2025 AIChE Annual Meeting

(345b) Accelerating the Computational Design of Biosynthetic Pathways with Machine Learning

Authors

Zhuofu Ni, Northwestern University
Kevin Shebek, Northwestern University
Linda Broadbelt, Northwestern University
Keith Tyo, Northwestern University
Computationally aided synthesis-planning (CASP) tools within biology aim to leverage the inherent substrate promiscuity of enzymes to design novel biosynthetic routes to valuable small-molecules, which may include commodity chemicals, biofuels, or even therapeutics.

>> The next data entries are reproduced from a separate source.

Lemma rsum_ge_term (F : T -> R) t : (forall t, 0 <= F t) -> F t <= rsum F.
Proof.
move=> F_ge0; rewrite /rsum (bigD1 t) //=.
suff : 0 <= \big[Rplus/R0]_(i | i != t) F i by lra.
by apply: (big_ind (Rle 0)) => // *; lra.
Qed.

Lemma rsum_ge0 (F : T -> R) : (forall t, 0 <= F t) -> 0 <= rsum F.
Proof. by move=> F_ge0; apply: (big_ind (Rle 0)) => // *; lra. Qed.

Lemma rsumP1 (A : pred T) : rsumP A (fun _ => 1) = INR #|A|.
Proof.
by rewrite /rsumP -sum1_card (big_morph INR plus_INR (erefl (INR 0))).
Qed.

End FiniteSums.

Lemma log2_diff_le (n a b : R) : 0 < n -> 0 < a -> 0 < b ->
  log2 b - log2 a <= log2 n + (b / a / n - 1) / ln 2.
Proof.
move=> n0 a0 b0.
have ln2_gt0 : 0 < ln 2 by have := ln_lt_2; lra.
set r := b / a / n.
have r0 : 0 < r by rewrite /r /Rdiv; repeat apply: Rmult_lt_0_compat => //; apply: Rinv_0_lt_compat.
have -> : b = n * a * r by rewrite /r; field; lra.
have ln_r : ln r <= r - 1 by have := exp_ineq1_le (ln r); rewrite exp_ln //; lra.
clearbody r.
have -> : log2 (n * a * r) - log2 a = log2 n + ln r / ln 2.
  have na0 : 0 < n * a by apply: Rmult_lt_0_compat.
  by rewrite /log2 ln_mult // ln_mult //; field; lra.
by apply: Rplus_le_compat_l; apply: Rmult_le_compat_r; [left; apply: Rinv_0_lt_compat | ].
Qed.

Lemma log2_card2 (B : finType) : #|B| = 2%N -> log2 (INR #|B|) = 1.
Proof.
move=> ->; rewrite /log2 (_ : INR 2 = 2); last by rewrite /=; ring.
by field; have := ln_lt_2; lra.
Qed.

Section Entropy.
Variables (Om : finType) (p : Om -> R).

Lemma entropyE (A : finType) (f : Om -> A) :
  entropy p f = - rsum (fun w => p w * log2 (dist_of p f (f w))).
Proof.
rewrite /entropy /rsum (partition_big f xpredT) //=; congr Ropp.
apply: eq_bigr => a _; rewrite /dist_of /rsumP big_distrl /=.
by apply: eq_bigr => w /eqP ->.
Qed.

Lemma eq_entropy (A B : finType) (f1 : Om -> A) (f2 : Om -> B) :
  (forall w w', p w <> 0 -> p w' <> 0 -> (f1 w == f1 w') = (f2 w == f2 w')) ->
  entropy p f1 = entropy p f2.
Proof.
move=> same_fibres; rewrite !entropyE /rsum; congr Ropp; apply: eq_bigr => w _.
have [->|pw] := Req_dec (p w) 0; first by ring.
congr (_ * log2 _); rewrite /dist_of !rsumPE /rsum; apply: eq_bigr => w' _.
have [->|pw'] := Req_dec (p w') 0; first by case: ifP; case: ifP.
by rewrite same_fibres.
Qed.

Lemma cond_mi_injective_source (A B C : finType)
    (fa : Om -> A) (fb : Om -> B) (fc : Om -> C) :
  (forall w w', p w <> 0 -> p w' <> 0 -> fa w = fa w' -> w = w') ->
  cond_mi p fa fb fc = entropy p (fun w => (fb w, fc w)) - entropy p fc.
Proof.
move=> fa_inj; rewrite /cond_mi.
have absorb (D : finType) (f : Om -> D) :
    entropy p (fun w => (fa w, f w)) = entropy p fa.
  apply: eq_entropy => w w' pw pw'; rewrite xpair_eqE.
  by case: eqP => [/(fa_inj _ _ pw pw') -> | _]; rewrite ?eqxx.
have -> : entropy p (fun w => (fa w, fb w, fc w)) =
          entropy p (fun w => (fa w, (fb w, fc w))).
  by apply: eq_entropy => w w' _ _; rewrite !xpair_eqE andbA.
rewrite !absorb; ring.
Qed.

Hypothesis p_ge0 : forall w, 0 <= p w.

Lemma dist_of_ge (A : finType) (f : Om -> A) w : p w <= dist_of p f (f w).
Proof.
rewrite /dist_of rsumPE.
have {1}-> : p w = (fun w' => if f w' == f w then p w' else 0) w by rewrite eqxx.
by apply: rsum_ge_term => t; case: ifP => _; [apply: p_ge0 | lra].
Qed.

Lemma dist_of_pair_le (A B : finType) (fa : Om -> A) (fb : Om -> B) w :
  dist_of p (fun w => (fa w, fb w)) (fa w, fb w) <= dist_of p fb (fb w).
Proof.
rewrite /dist_of !rsumPE; apply: rsum_le => t; rewrite xpair_eqE.
by case: (fa t == fa w); case: (fb t == fb w) => /=; lra || apply: p_ge0.
Qed.

Lemma fibre_sum_div_le1 (K : finType) (g : Om -> K) (k : K) :
  rsum (fun w => if g w == k then p w / dist_of p g (g w) else 0) <= 1.
Proof.
have -> : rsum (fun w => if g w == k then p w / dist_of p g (g w) else 0) =
          / dist_of p g k * rsum (fun w => if g w == k then p w else 0).
  by rewrite -rsumMl /rsum; apply: eq_bigr => w _; case: eqP => [->|_]; rewrite /Rdiv; ring.
rewrite -rsumPE -/(dist_of p g k).
have [->|nz] := Req_dec (dist_of p g k) 0; first by rewrite Rmult_0_r; lra.
by rewrite Rinv_l //; lra.
Qed.

Lemma fibre_sum_split (B C : finType) (fb : Om -> B) (fc : Om -> C) c (F : Om -> R) :
  rsum (fun w => if fc w == c then F w else 0) =
  \big[Rplus/R0]_(b : B) rsum (fun w => if (fb w, fc w) == (b, c) then F w else 0).
Proof.
rewrite /rsum exchange_big /=; apply: eq_bigr => w _.
rewrite (bigD1 (fb w)) //= xpair_eqE eqxx big1 ?Rplus_0_r // => b.
by rewrite xpair_eqE eq_sym => /negbTE ->.
Qed.

Lemma fibre_ratio_sum_le (B C : finType) (fb : Om -> B) (fc : Om -> C) :
  rsum (fun w => p w * (dist_of p fc (fc w) / dist_of p (fun w => (fb w, fc w)) (fb w, fc w)))
  <= INR #|B| * rsum p.
Proof.
set g := fun w => (fb w, fc w).
set F := fun w => p w / dist_of p g (g w).
have -> : rsum (fun w => p w * (dist_of p fc (fc w) / dist_of p g (g w))) =
    rsum (fun w' => p w' * rsum (fun w => if fc w == fc w' then F w else 0)).
  transitivity (rsum (fun w => rsum (fun w' => F w * (if fc w' == fc w then p w' else 0)))).
    apply: eq_bigr => w _; rewrite rsumMl /F [dist_of p fc _]/dist_of rsumPE /Rdiv; ring.
  rewrite /rsum exchange_big /=; apply: eq_bigr => w' _.
  by rewrite big_distrr /=; apply: eq_bigr => w _; rewrite eq_sym; case: ifP => _; ring.
rewrite [X in _ <= X]Rmult_comm -rsumMr; apply: rsum_le => w'.
apply: Rmult_le_compat_l; first exact: p_ge0.
rewrite (fibre_sum_split fb) -rsumP1.
by apply: (big_ind2 Rle) => [|*|b _]; [lra | lra | apply: fibre_sum_div_le1].
Qed.

(* Gibbs: [ln r <= r - 1] at [r = p(c) / (|B| p(b, c))], whose [p]-average is
   at most 1 by [fibre_ratio_sum_le]. *)
Lemma cond_entropy_le_log_card (B C : finType) (fb : Om -> B) (fc : Om -> C) :
  entropy p (fun w => (fb w, fc w)) - entropy p fc <= log2 (INR #|B|) * rsum p.
Proof.
have ln2_gt0 : 0 < ln 2 by have := ln_lt_2; lra.
set n := INR #|B|.
set D1 := fun w => dist_of p (fun w => (fb w, fc w)) (fb w, fc w).
set D2 := fun w => dist_of p fc (fc w).
have pointwise w : p w * log2 (D2 w) - p w * log2 (D1 w) <=
    log2 n * p w + (p w * (D2 w / D1 w) * / n - p w) * / ln 2.
  have [->|pw] := Req_dec (p w) 0; first by rewrite /Rdiv; ring_simplify; lra.
  have pw_gt0 : 0 < p w by have := p_ge0 w; lra.
  have D1_gt0 : 0 < D1 w by apply: Rlt_le_trans (dist_of_ge (fun w => (fb w, fc w)) w).
  have D2_gt0 : 0 < D2 w by apply: Rlt_le_trans (dist_of_pair_le fb fc w).
  have n_gt0 : 0 < n by apply: lt_0_INR; apply/leP/card_gt0P; exists (fb w).
  rewrite -Rmult_minus_distr_l.
  apply: Rle_trans (Rmult_le_compat_l _ _ _ (Rlt_le _ _ pw_gt0) (log2_diff_le n_gt0 D1_gt0 D2_gt0)) _.
  by right; field; lra.
set S := rsum (fun w => p w * (D2 w / D1 w)).
suff slack : (S * / n - rsum p) * / ln 2 <= 0.
  have := rsum_le pointwise; rewrite rsumB rsumD rsumMl rsumMr rsumB rsumMr -/S.
  rewrite !entropyE /D1 /D2 /=; lra.
rewrite -(Rmult_0_l (/ ln 2)); apply: Rmult_le_compat_r; first by left; apply: Rinv_0_lt_compat.
suff : S * / n <= rsum p by lra.
have [n0|n_gt0] : n = 0 \/ 0 < n by have := pos_INR #|B|; rewrite -/n; lra.
- by rewrite n0 Rinv_0 Rmult_0_r; apply: rsum_ge0.
- apply: (Rmult_le_reg_r n) => //; rewrite Rmult_assoc Rinv_l; last lra.
  by rewrite Rmult_1_r Rmult_comm; apply: fibre_ratio_sum_le.
Qed.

A common strategy amongst many CASP tools is to use reaction templates to recursively enumerate all possible enzymatic transformations that may arise from a given precursor, and then to traverse the resulting reaction network for plausible pathways. While this approach is comprehensive, it can often result in many false positive reaction predications due to the broad permissiveness of many reaction templates. To mitigate this and accurately predict the feasibility of novel enzymatic reactions, we introduce DORA-XGB, a gradient-boosted classifier that integrates into our group’s CASP tool, DORAnet, to score newly generated reactions and consequently, prioritize feasible pathways. We curated a high-quality dataset to train DORA-XGB by first extracting known enzymatic reactions from public databases and then filtering these reactions for their thermodynamic feasibility. While positive reactions can easily be extracted from publicly available databases, however, negative reactions are rarely published. To circumvent this lack of failed reactions, we synthetically generated negative data by considering “alternate reaction centers” on known substrates. These are chemical moieties within a substrate that despite being identical to the reaction center known to undergo catalysis, remain uncatalyzed in a given enzymatic reaction. With this “alternate reaction center” hypothesis, we strategically inferred negative reactions from known, positive ones, and used the ensuing dataset to train DORA-XGB. Within various case studies, our model is found able to successfully recover newly published enzymatic reactions and accelerates pathway design by ranking reactions and consequently, pathways by their feasibility.